I know that’s what the Wikipedia article on thr topic says, but there are many other types of Dear Colleague letters, including the one discussed here, which was issued by the Department of Education’s Office of Civil Rights. Probably want to fix that.
Anyway… a single survivor point of contact seems like a good idea.
Thank you for the correction. The article has been updated
There is planning in the works to make sexual assault Georgetown’s big social justice movement this coming year, like the H4C abortionistas and the last academic reform’s campaign for mandatory diversity courses for students were last year. GUSA is in on it as are all the campus pubs (except one) in addition to student life admins, and of course, campus feminists and associated groups on the the left.

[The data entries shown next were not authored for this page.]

Lemma has_pos_diagonal_imset (A : mdmatrix R d n) (j0 : 'I_d) (g : 'I_n -> index d n) :
  (forall j, injective (g^~ j)) -> (forall i, 0 < A (g i)) -> has_pos_diagonal A.
Proof.
move=> g_inj Hpos; apply/existsP; exists [set g i | i : 'I_n].
rewrite /diagonal -andbA; apply/and3P; split; last by apply/forall_inP => _ /imsetP [i _ ->].
  by rewrite card_imset ?card_ord // => i i' E; apply: (g_inj j0); rewrite /= E.
apply/forall_inP => _ /imsetP [i _ ->]; apply/forall_inP => _ /imsetP [i' _ ->].
apply/implyP => ne; apply/forallP => j; apply: contra ne => /eqP /g_inj -> //.
Qed.

Definition relab (g : 'I_d -> {perm 'I_n}) (a : index d n) : index d n :=
  [ffun k => g k (a k)].

Lemma relab_inj g : injective (relab g).
Proof. by move=> a b /ffunP E; apply/ffunP => k; move: (E k); rewrite !ffunE => /perm_inj. Qed.

Lemma relab_upd g a k t : relab g (upd a k t) = upd (relab g a) k (g k t).
Proof. by apply/ffunP => i; rewrite !ffunE; case: eqP => [->|]. Qed.

Lemma polystochastic_relab (A : mdmatrix R d n) g :
  polystochastic A -> polystochastic (A \o relab g).
Proof.
case=> A0 Al; split=> [a|k a]; first exact: A0.
rewrite sum_line /=.
under eq_bigr do rewrite relab_upd.
by rewrite -(Al k (relab g a)) sum_line [RHS](reindex_inj (@perm_inj _ (g k))).
Qed.

Lemma has_pos_diagonal_relab (A : mdmatrix R d n) g :
  has_pos_diagonal (A \o relab g) -> has_pos_diagonal A.
Proof.
case/existsP => p; rewrite /diagonal -andbA => /and3P [Hcard /forall_inP Hd /forall_inP Hpos].
apply/existsP; exists (relab g @: p); rewrite /diagonal -andbA; apply/and3P; split.
- by rewrite card_imset //; apply: relab_inj.
- apply/forall_inP => _ /imsetP [a ap ->]; apply/forall_inP => _ /imsetP [b bp ->].
  apply/implyP => ne; have /implyP := forall_inP (Hd a ap) b bp.
  have nab : a != b by apply: contra ne => /eqP ->.
  move=> /(_ nab) /forallP Hab.
  by apply/forallP => j; rewrite !ffunE (inj_eq perm_inj).
- by apply/forall_inP => _ /imsetP [a ap ->]; apply: Hpos.
Qed.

So we’ll be seeing a lot more articles like this, op-eds, and some protests which push the feminist narrative that a rape epidemic exists and the university doesn’t care. Ergo, we need more forced training sessions for students, more media publicity and student attention, and more money to go to associated programs, including another program assistant so that tuition can go even higher and women’s studies majors have another potential job opening once they graduate. Pressure will also be to put on administrators to hold more secret tribunals and expel more male students who were judged guilty without due process or allowed to have legal representation because they had consensual sex with a girl but didn’t remember her name the next day, and whose friends convinced her that because she had one beer she was technically incapacitated and can allege rape. It will also provide cover for the mentally disturbed who want allege fake rape in order to draw sympathy and attention.
The reality, of course, is that while one rape is too many, there doesn’t exist a rape epidemic, culture, or crisis on-campus. And let’s say rape, b/c the “sexual assault” definition and stat includes everything from rape to consensual sex that is regretted the next day, in addition to rubbing against someone while dancing and them not liking it. It’s a word change to inflate numbers and includes people who don’t consider themselves to have been sexually assaulted.